Clearly it adds some extra interesting flexibility in specifying the
'weights' for shortest path calculations. But arguments against adding
such a feature might be
- Performance decrease (not sure how much)
- Already can achieve the same result by looping over all edges and
calculating/adding a new 'weight' attribute (could use whatever name you like)
- Clutters interface to algorithm(s)
- For consistency other algorithms might also need to be changed
(e.g. minimum spanning tree)
Aric
Dan,
In the example you gave,
>> --
>> G = networkx.Graph()
>> G.add_edge('Sacramento', 'San Francisco', {"distance":200})
>>
>> v_speed = 65
>> def travel_time(u, v, attr_dict):
>> """
>> Calculates the edge weight based on the "distance" attribute and v_speed, where v_speed is included via the closure.
>> u: The source node for this edge.
>> v: The destination node for this edge
>> attr_dict: A dictionary containing the edge attributes.
>> """
>> return edge_attr["distance"] / v_speed
>>
>> # Find minimum travel time and the associated path
>> print networkx.bidirectional_dijkstra(G, 'Sacramento', 'San Francisco', weighting=travel_time)
>>
>> # Find minimum distance
>> networkx.bidirectional_dijkstra(G, 'Sacramento', 'San Francisco', weighting=lambda u, v, attr_dict: attr_dict["distance"] )
>> --
you can get the same result by simply dividing the path lengths by v_speed at the end. The path themselves won't change if you just multiply every edge weight by a constant.
That being said, I can think of examples where the weighting function is more complicated. The suggested approach do make sense, but, as Aric said, the same result can be obtained by just assigning a new attribute, say travelTime, to each edge and then running the shortest path algorithm
networkx.bidirectional_dijkstra(G, u, v, weight = "travelTime")

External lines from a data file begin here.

(* Let $\boldsymbol{\mathcal{G}}=(\mathcal{V},\boldsymbol{\mathcal{E}},\mu(\cdot))$ be a stochastic digraph with vertex set $\mathbb{Z}_n$, edge sets $\mathcal{E}_1,\dots,\mathcal{E}_h$, and out-neighborhood map $H(x,w)=\{y:(x,y)\in\mathcal{E}_w\}$, such that there is no pair $(i,w)\in\mathbb{Z}_n\times\mathbb{Z}_h$ with $\mu(\{w\})>0$ and $H(i,w)=\emptyset$. Let $\mathcal{Q}\subset\mathbb{Z}_n$ and let $\check{\boldsymbol{\mathcal{G}}}$ be the augmented stochastic digraph on $\mathbb{Z}_{n+2}$ (with the same $\mu$) obtained by replacing, in each $\mathcal{E}_s$, every edge $(i,j)$ with $j\in\mathcal{Q}$ by the edge $(i,n+1)$, and adding the edges $(n+1,n+2)$ and $(n+2,n+2)$ to each $\mathcal{E}_s$. Let $\check H$ be its out-neighborhood map and consider the Markov decision process on states $\mathbb{Z}_{n+2}$ with action space $\mathcal{A}(i)$ at state $i$ equal to the set of tuples $a=(\xi_{1,a},\dots,\xi_{h,a})$ with $\xi_{w,a}\in\check H(i,w)$ for each $w$, transition probabilities $$\check p(j\mid i,a)=\sum_{w\in\{s\in\mathbb{Z}_h:\,\xi_{s,a}=j\}}\mu(\{w\}),$$ and reward $r(i,a,j)=\mathbb{I}_{\{n+1\}}(j)$. Let $v_\star$ be the optimal state-value function of this MDP, i.e., $v_\star(0,x)=0$ and $v_\star(k,x)=\max_{a\in\mathcal{A}(x)}\sum_{j}\check p(j\mid x,a)\big(r(x,a,j)+v_\star(k-1,j)\big)$ for $k\geqslant1$. Then for all $k\in\mathbb{Z}_{\geqslant0}$ and all $x\in\mathbb{Z}_n$, $$\mathfrak{R}_{\mathcal{Q}}(k,x)=v_\star(k,x),$$ where $\mathfrak{R}_{\mathcal{Q}}(k,x):=\sup_{\boldsymbol{x}\in\mathcal{S}(x)}\mathbb{P}\big(\exists\,t\in\{1,\dots,k\}:\boldsymbol{x}_t\in\mathcal{Q}\big)$ is the weak reachability probability.
   Context: A stochastic digraph is a triple $(\mathbb{Z}_n,\{\mathcal{E}_s\}_{s=1}^h,\mu)$ with $\mathcal{E}_s\subset\mathbb{Z}_n\times\mathbb{Z}_n$ and $\mu$ the common distribution of an i.i.d. sequence $\boldsymbol{w}_k:\Omega\to\mathbb{Z}_h$, $k\in\mathbb{Z}_{\geqslant0}$, on a probability space $(\Omega,\mathcal{F},\mathbb{P})$. A stochastic directed path from $x$ is a map $\omega\mapsto\{\boldsymbol{x}_k(\omega)\}_{k=0}^{\boldsymbol{K}(\omega)}$ with $\boldsymbol{x}_0=x$, $\boldsymbol{x}_{k+1}(\omega)\in H(\boldsymbol{x}_k(\omega),\boldsymbol{w}_k(\omega))$ for all $\omega$ and $k<\boldsymbol{K}(\omega)$, and with $\boldsymbol{x}_{k+1}$ measurable with respect to $\sigma(\boldsymbol{w}_0,\dots,\boldsymbol{w}_k)$ for each $k$. It is maximal if it cannot be extended; $\mathcal{S}(x)$ is the set of maximal stochastic directed paths from $x$. $\mathbb{I}_{A}$ denotes the indicator function of the set $A$. *)

From HB Require Import structures.
From mathcomp Require Import all_boot all_order all_algebra.
From mathcomp Require Import all_classical all_reals all_analysis.
(* Let $H\subseteq\mathbb N$ be a numerical semigroup, $k$ an infinite field, $R=k[[H]]\subseteq k[[t]]$. Write $H=\{a_0=0<a_1<a_2<\cdots\}$, let $n$ be the smallest integer with $a_{n+i}=a_n+i$ for all $i\ge 0$, and assume $n=4$. Then the following are equivalent: (1) $\mathcal T(R)$ is finite; (2) $\mathcal T(R)=\mathcal I(R)$; (3) $a_2-a_1\ge a_4-a_3$.
   Context: $v$ is the $t$-adic order; $I_i=\{r\in R\mid v(r)\ge a_i\}$ for $0\le i\le n$ and $\mathcal I(R)=\{I_0,\dots,I_n\}$. $\mathcal T(R)$ is the set of nonzero trace ideals of $R$, where a trace ideal is one of the form $\sum_{f\in\mathrm{Hom}_R(M,R)}\mathrm{Im}f$ for some $R$-module $M$. *)

From HB Require Import structures.
From mathcomp Require Import all_boot all_order all_algebra.
Set Implicit Arguments. Unset Strict Implicit. Unset Printing Implicit Defensive.
Import Order.TTheory GRing.Theory.
Local Open Scope ring_scope.

Definition numerical_semigroup (H : pred nat) : Prop :=
  [/\ H 0%N, (forall x y, H x -> H y -> H (x + y)%N) &
      exists N : nat, forall m, (N <= m)%N -> H m].

Definition enumerates (H : pred nat) (a : nat -> nat) : Prop :=
  (forall i, (a i < a i.+1)%N) /\ (forall x, H x <-> exists i, a i = x).

Definition stable_from (a : nat -> nat) (m : nat) : Prop :=
  forall i, a (m + i)%N = (a m + i)%N.
Definition conductor_index (a : nat -> nat) (n : nat) : Prop :=
  stable_from a n /\ forall m, stable_from a m -> (n <= m)%N.

Definition infinite_field (k : fieldType) : Prop :=
  forall s : seq k, exists x : k, x \notin s.

Definition ps (k : fieldType) := nat -> k.
Definition psadd (k : fieldType) (f g : ps k) : ps k := fun n => f n + g n.
Definition psmul (k : fieldType) (f g : ps k) : ps k :=
  fun n => \sum_(i < n.+1) f i * g (n - i)%N.
Definition ps1 (k : fieldType) : ps k := fun n => if n == 0%N then 1 else 0.

(* R = k[[H]]: power series supported on H. *)
Definition inR (k : fieldType) (H : pred nat) (f : ps k) : Prop :=
  forall n, f n != 0 -> H n.

Definition is_module (k : fieldType) (H : pred nat) (M : zmodType)
  (act : ps k -> M -> M) : Prop :=
  [/\ forall r x y, inR H r -> act r (x + y) = act r x + act r y,
      forall r s x, inR H r -> inR H s -> act (psadd r s) x = act r x + act s x,
      forall r s x, inR H r -> inR H s -> act (psmul r s) x = act r (act s x) &
      forall x, act (ps1 k) x = x].

Definition is_hom (k : fieldType) (H : pred nat) (M : zmodType)
  (act : ps k -> M -> M) (f : M -> ps k) : Prop :=
  [/\ forall x, inR H (f x),
      forall x y n, f (x + y) n = f x n + f y n &
      forall r x n, inR H r -> f (act r x) n = psmul r (f x) n].

Definition in_trace (k : fieldType) (H : pred nat) (M : zmodType)
  (act : ps k -> M -> M) (z : ps k) : Prop :=
  exists s : seq ((M -> ps k) * M),
    (forall j, (j < size s)%N -> is_hom H act (nth (fun _ _ => 0, 0) s j).1) /\
    forall n, z n = \sum_(p <- s) p.1 p.2 n.

(* Ideals of R are represented as predicates on k[[t]], compared extensionally. *)
Definition same_ideal (k : fieldType) (I J : ps k -> Prop) : Prop :=
  forall z, I z <-> J z.

Definition is_trace_ideal (k : fieldType) (H : pred nat) (I : ps k -> Prop) : Prop :=
  exists (M : zmodType) (act : ps k -> M -> M),
    is_module H act /\ forall z, I z <-> in_trace H act z.

Definition nonzero_ideal (k : fieldType) (I : ps k -> Prop) : Prop :=
  exists z, I z /\ exists n, z n != 0.

Definition in_T (k : fieldType) (H : pred nat) (I : ps k -> Prop) : Prop :=
  is_trace_ideal H I /\ nonzero_ideal I.

Definition I_ideal (k : fieldType) (H : pred nat) (a : nat -> nat) (i : nat) : ps k -> Prop :=
  fun r => inR H r /\ forall m, (m < a i)%N -> r m = 0.

Definition T_finite (k : fieldType) (H : pred nat) : Prop :=
  exists (N : nat) (J : nat -> ps k -> Prop),
    forall I : ps k -> Prop, in_T H I -> exists j, (j < N)%N /\ same_ideal I (J j).

Definition T_eq_I (k : fieldType) (H : pred nat) (a : nat -> nat) (n : nat) : Prop :=
  (forall I : ps k -> Prop, in_T H I -> exists i, (i <= n)%N /\ same_ideal I (I_ideal H a i)) /\
  (forall i, (i <= n)%N -> in_T H (@I_ideal k H a i)).

From HB Require Import structures.
From mathcomp Require Import all_boot all_order all_algebra.
From mathcomp.classical Require Import boolp.
From mathcomp Require Import zify ring.
Set Implicit Arguments. Unset Strict Implicit. Unset Printing Implicit Defensive.
Import Order.TTheory GRing.Theory.
Local Open Scope ring_scope.

(* Trace ideals are characterized by stability: the trace [T] of any module satisfies [q T <= T]
   for every fractional multiplier [q] with [q T <= R], and conversely an ideal containing the
   conductor and stable in this sense is the trace of itself, because all its homomorphisms to [R]
   are multiplications.
   If [a_2 - a_1 >= a_4 - a_3] and [a_i] is the least order in a nonzero trace ideal [T], such
   multipliers (monomials, [t^-p y] for [y] of least order, and [t^D / (1 + al t^D)]) produce
   elements of [T] of every exact order [a_j], [i <= j < 4], and the conductor; hence [T = I_i].
   If [a_2 - a_1 < a_4 - a_3], the ideals [{z | z_0 = 0, z_(a_2) = l z_(a_1)}], [l] in the infinite
   field [k], are pairwise distinct trace ideals. *)

Section PowerSeries.
Variable k : fieldType.
Implicit Types (f g h : ps k) (m n : nat).

Definition ps0 : ps k := fun=> 0.
Definition psopp f : ps k := fun n => - f n.
Definition psscale (x : k) f : ps k := fun n => x * f n.
Definition psX m : ps k := fun n => if n == m then 1 else 0.
Definition psshift m f : ps k := fun n => if (m <= n)%N then f (n - m)%N else 0.
Definition psdown m f : ps k := fun n => f (n + m)%N.
Definition ps_binom (al : k) D : ps k := psadd (ps1 k) (psscale al (psX D)).
Definition order_ge m f := forall n, (n < m)%N -> f n = 0.
Definition exact_order m f := order_ge m f /\ f m != 0.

The weight optional argument has been added to the shortest path algorithms to do just that. Moreover, when adding edge attributes, nothing prevents you from using a function, for instance:
import networkx as nx
def f(u, v):
return u*v
G = nx.DiGraph()
G.add_edges_from([(u, v, {'myAttr': f(u, v)}) for u in range(10) for v in range(10)])
nx.bidirectional_dijkstra(G, 3, 9, weight = 'myAttr')
I feel that having an extra weighting argument is not necessary.
One possibility would be to try and generalize the role of the 'weight' argument so that it can a function as well. But again, I think this is redundant with what is already in place.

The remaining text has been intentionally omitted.